» **INFORMATION SHOWN**:
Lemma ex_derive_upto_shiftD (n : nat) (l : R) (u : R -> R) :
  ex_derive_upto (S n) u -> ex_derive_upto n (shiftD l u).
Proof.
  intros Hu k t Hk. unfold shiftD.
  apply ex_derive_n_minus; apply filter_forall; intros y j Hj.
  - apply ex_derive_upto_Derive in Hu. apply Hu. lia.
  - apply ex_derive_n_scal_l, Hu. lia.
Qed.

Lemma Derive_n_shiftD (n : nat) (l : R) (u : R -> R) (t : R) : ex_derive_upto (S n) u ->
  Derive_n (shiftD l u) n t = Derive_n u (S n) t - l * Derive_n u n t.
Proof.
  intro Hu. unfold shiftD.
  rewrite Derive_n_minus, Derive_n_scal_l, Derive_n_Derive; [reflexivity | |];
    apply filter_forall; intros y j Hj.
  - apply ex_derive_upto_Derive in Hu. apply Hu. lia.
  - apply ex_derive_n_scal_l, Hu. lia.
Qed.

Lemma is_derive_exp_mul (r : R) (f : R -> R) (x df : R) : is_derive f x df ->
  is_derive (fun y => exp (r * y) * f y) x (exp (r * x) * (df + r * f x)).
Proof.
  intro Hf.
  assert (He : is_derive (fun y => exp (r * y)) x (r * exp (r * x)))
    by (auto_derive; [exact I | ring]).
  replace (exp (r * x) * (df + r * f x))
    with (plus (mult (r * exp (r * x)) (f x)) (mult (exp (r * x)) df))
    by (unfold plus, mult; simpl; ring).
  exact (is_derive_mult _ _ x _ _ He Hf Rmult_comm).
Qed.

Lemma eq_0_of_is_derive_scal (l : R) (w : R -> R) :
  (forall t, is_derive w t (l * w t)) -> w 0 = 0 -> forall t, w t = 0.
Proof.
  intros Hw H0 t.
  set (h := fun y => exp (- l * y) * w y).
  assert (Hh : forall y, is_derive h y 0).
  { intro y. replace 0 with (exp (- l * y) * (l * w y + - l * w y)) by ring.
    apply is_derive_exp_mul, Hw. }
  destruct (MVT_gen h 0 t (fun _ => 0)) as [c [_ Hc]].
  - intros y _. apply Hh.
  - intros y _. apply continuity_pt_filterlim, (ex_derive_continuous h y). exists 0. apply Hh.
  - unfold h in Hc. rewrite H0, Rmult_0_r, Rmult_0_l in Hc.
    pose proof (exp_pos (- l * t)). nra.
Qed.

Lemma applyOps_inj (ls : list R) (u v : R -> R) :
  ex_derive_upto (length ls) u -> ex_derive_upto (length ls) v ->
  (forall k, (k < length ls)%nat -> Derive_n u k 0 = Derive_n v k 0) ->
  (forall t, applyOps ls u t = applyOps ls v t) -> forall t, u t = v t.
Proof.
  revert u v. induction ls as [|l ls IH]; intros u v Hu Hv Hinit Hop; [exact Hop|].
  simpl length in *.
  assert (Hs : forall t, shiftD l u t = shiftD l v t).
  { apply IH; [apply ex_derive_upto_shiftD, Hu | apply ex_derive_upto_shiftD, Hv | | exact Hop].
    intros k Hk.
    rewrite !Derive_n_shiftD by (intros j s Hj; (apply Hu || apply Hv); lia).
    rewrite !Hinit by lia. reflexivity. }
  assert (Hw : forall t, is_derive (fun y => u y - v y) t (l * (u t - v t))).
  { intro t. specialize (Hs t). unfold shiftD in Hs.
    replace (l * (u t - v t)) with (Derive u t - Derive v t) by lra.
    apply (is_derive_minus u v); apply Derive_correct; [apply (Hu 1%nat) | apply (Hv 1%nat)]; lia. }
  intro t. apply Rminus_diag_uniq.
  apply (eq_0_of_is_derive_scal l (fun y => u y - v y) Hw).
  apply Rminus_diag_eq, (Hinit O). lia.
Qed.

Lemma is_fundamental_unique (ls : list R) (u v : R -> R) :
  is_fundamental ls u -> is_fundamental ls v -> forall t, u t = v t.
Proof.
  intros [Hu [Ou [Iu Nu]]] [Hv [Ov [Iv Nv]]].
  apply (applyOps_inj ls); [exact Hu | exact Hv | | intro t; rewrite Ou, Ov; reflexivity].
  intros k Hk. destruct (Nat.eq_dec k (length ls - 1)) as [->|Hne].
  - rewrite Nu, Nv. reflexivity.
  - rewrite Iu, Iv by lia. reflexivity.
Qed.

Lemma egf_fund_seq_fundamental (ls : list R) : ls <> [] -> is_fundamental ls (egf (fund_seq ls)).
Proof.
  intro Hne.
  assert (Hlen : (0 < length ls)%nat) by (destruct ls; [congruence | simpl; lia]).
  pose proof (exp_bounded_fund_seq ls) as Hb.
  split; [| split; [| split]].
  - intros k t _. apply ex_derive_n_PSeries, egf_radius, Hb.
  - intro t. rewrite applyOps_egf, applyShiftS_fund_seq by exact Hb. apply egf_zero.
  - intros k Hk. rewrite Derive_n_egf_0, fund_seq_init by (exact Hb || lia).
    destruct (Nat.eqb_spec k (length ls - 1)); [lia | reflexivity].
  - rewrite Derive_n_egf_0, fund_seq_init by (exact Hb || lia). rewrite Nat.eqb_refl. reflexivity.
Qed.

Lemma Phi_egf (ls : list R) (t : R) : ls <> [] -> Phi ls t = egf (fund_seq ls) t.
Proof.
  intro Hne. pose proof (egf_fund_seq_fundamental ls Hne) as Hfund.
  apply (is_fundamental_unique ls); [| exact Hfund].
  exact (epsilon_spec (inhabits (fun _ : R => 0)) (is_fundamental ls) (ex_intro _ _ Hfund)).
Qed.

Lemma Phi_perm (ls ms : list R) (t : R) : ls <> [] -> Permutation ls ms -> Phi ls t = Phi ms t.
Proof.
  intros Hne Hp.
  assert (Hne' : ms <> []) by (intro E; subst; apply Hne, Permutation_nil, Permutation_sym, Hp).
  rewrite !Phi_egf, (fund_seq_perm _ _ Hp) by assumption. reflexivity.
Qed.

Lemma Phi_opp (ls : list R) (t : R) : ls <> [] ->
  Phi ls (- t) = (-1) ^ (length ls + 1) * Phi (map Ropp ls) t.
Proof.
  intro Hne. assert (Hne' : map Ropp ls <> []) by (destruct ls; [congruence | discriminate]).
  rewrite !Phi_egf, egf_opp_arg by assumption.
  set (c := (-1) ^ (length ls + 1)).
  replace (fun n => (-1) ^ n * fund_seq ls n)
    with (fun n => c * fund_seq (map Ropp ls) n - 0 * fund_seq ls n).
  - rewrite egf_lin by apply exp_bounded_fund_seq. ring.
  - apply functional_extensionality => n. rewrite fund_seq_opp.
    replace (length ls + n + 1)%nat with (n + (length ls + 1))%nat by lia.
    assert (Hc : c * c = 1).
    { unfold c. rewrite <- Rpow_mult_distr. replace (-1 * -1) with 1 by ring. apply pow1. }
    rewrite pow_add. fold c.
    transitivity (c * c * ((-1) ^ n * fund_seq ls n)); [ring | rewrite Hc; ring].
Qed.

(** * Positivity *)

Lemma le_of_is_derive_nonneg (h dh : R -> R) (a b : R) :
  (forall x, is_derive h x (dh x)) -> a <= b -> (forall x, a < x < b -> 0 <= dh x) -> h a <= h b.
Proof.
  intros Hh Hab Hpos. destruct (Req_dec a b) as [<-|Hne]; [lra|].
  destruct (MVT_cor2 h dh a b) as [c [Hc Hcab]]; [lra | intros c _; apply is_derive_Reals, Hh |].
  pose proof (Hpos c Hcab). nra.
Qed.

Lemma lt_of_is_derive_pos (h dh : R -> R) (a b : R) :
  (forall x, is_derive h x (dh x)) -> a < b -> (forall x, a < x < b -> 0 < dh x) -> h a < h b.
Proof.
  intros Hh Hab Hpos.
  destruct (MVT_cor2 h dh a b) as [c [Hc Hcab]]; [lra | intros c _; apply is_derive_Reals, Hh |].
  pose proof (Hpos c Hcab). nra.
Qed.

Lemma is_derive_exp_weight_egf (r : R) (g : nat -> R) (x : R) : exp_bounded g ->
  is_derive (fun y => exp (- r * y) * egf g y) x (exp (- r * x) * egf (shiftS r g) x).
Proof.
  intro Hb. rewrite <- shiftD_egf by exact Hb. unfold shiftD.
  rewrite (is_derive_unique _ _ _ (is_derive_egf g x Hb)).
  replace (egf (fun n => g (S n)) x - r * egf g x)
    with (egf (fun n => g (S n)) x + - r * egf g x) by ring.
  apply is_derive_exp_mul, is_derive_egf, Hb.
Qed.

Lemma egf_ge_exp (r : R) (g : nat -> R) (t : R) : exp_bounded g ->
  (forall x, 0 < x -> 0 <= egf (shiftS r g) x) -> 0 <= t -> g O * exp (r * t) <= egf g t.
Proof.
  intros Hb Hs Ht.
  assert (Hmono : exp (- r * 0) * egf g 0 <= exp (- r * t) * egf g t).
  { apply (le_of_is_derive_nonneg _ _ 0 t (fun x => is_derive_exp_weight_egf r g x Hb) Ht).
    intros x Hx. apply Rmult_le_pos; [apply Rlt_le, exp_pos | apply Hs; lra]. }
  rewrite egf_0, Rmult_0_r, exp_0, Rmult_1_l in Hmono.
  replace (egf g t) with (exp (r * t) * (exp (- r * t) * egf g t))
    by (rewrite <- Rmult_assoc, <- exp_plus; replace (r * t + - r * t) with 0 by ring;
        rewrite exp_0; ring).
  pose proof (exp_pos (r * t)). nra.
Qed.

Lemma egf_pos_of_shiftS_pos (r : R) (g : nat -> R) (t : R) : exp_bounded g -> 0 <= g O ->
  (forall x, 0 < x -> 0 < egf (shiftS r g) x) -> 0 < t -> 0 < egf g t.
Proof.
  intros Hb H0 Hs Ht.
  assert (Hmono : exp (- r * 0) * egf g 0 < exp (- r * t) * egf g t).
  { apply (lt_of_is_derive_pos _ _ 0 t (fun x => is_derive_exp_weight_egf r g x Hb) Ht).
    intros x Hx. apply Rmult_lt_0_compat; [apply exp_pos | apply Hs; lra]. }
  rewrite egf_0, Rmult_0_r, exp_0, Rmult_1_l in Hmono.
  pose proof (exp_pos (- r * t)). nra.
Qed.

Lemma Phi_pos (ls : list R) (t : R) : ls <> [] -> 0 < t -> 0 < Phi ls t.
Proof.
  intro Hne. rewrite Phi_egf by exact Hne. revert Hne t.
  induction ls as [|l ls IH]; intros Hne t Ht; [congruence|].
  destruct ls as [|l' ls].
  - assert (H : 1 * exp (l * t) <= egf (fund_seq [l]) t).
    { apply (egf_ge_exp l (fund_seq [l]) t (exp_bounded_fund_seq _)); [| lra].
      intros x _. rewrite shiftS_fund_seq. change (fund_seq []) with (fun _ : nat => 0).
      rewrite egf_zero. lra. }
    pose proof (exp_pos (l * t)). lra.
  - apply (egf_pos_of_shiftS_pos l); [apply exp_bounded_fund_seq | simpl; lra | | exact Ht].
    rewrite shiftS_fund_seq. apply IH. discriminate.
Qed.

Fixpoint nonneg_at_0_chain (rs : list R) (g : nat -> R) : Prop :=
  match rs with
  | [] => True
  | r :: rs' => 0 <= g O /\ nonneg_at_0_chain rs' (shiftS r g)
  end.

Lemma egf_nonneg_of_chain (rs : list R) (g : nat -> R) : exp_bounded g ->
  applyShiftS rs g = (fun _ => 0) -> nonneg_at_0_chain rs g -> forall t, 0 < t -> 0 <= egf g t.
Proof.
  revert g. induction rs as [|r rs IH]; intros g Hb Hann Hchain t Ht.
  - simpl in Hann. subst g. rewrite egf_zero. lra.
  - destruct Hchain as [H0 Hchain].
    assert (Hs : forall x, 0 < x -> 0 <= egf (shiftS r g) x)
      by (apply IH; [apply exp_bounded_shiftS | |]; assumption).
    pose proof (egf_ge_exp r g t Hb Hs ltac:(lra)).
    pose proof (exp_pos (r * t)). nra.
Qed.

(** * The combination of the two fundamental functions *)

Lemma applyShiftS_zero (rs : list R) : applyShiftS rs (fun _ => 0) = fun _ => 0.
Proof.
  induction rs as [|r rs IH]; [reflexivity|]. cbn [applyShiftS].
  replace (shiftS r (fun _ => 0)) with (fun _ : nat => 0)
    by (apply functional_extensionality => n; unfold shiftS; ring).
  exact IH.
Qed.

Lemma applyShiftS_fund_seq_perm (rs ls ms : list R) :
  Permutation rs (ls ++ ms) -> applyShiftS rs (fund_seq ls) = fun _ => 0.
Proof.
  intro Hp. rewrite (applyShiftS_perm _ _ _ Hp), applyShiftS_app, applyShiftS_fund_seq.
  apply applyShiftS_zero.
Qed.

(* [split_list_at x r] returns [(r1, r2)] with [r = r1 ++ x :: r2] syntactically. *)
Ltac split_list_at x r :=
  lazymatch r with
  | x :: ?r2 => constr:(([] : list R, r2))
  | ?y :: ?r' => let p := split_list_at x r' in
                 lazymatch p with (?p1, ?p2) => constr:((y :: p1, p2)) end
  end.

» **WORK TASK**:
Above this instruction are the records; retype exactly the lines from the one containing "apply (is_fundamental_unique ls);" up to and including the one containing "Lemma lt_of_is_derive_pos (h".

» **ANSWER TO THE PROBLEM**:
  apply (is_fundamental_unique ls); [| exact Hfund].
  exact (epsilon_spec (inhabits (fun _ : R => 0)) (is_fundamental ls) (ex_intro _ _ Hfund)).
Qed.

Lemma Phi_perm (ls ms : list R) (t : R) : ls <> [] -> Permutation ls ms -> Phi ls t = Phi ms t.
Proof.
  intros Hne Hp.
  assert (Hne' : ms <> []) by (intro E; subst; apply Hne, Permutation_nil, Permutation_sym, Hp).
  rewrite !Phi_egf, (fund_seq_perm _ _ Hp) by assumption. reflexivity.
Qed.

Lemma Phi_opp (ls : list R) (t : R) : ls <> [] ->
  Phi ls (- t) = (-1) ^ (length ls + 1) * Phi (map Ropp ls) t.
Proof.
  intro Hne. assert (Hne' : map Ropp ls <> []) by (destruct ls; [congruence | discriminate]).
  rewrite !Phi_egf, egf_opp_arg by assumption.
  set (c := (-1) ^ (length ls + 1)).
  replace (fun n => (-1) ^ n * fund_seq ls n)
    with (fun n => c * fund_seq (map Ropp ls) n - 0 * fund_seq ls n).
  - rewrite egf_lin by apply exp_bounded_fund_seq. ring.
  - apply functional_extensionality => n. rewrite fund_seq_opp.
    replace (length ls + n + 1)%nat with (n + (length ls + 1))%nat by lia.
    assert (Hc : c * c = 1).
    { unfold c. rewrite <- Rpow_mult_distr. replace (-1 * -1) with 1 by ring. apply pow1. }
    rewrite pow_add. fold c.
    transitivity (c * c * ((-1) ^ n * fund_seq ls n)); [ring | rewrite Hc; ring].
Qed.

(** * Positivity *)

Lemma le_of_is_derive_nonneg (h dh : R -> R) (a b : R) :
  (forall x, is_derive h x (dh x)) -> a <= b -> (forall x, a < x < b -> 0 <= dh x) -> h a <= h b.
Proof.
  intros Hh Hab Hpos. destruct (Req_dec a b) as [<-|Hne]; [lra|].
  destruct (MVT_cor2 h dh a b) as [c [Hc Hcab]]; [lra | intros c _; apply is_derive_Reals, Hh |].
  pose proof (Hpos c Hcab). nra.
Qed.

Lemma lt_of_is_derive_pos (h dh : R -> R) (a b : R) :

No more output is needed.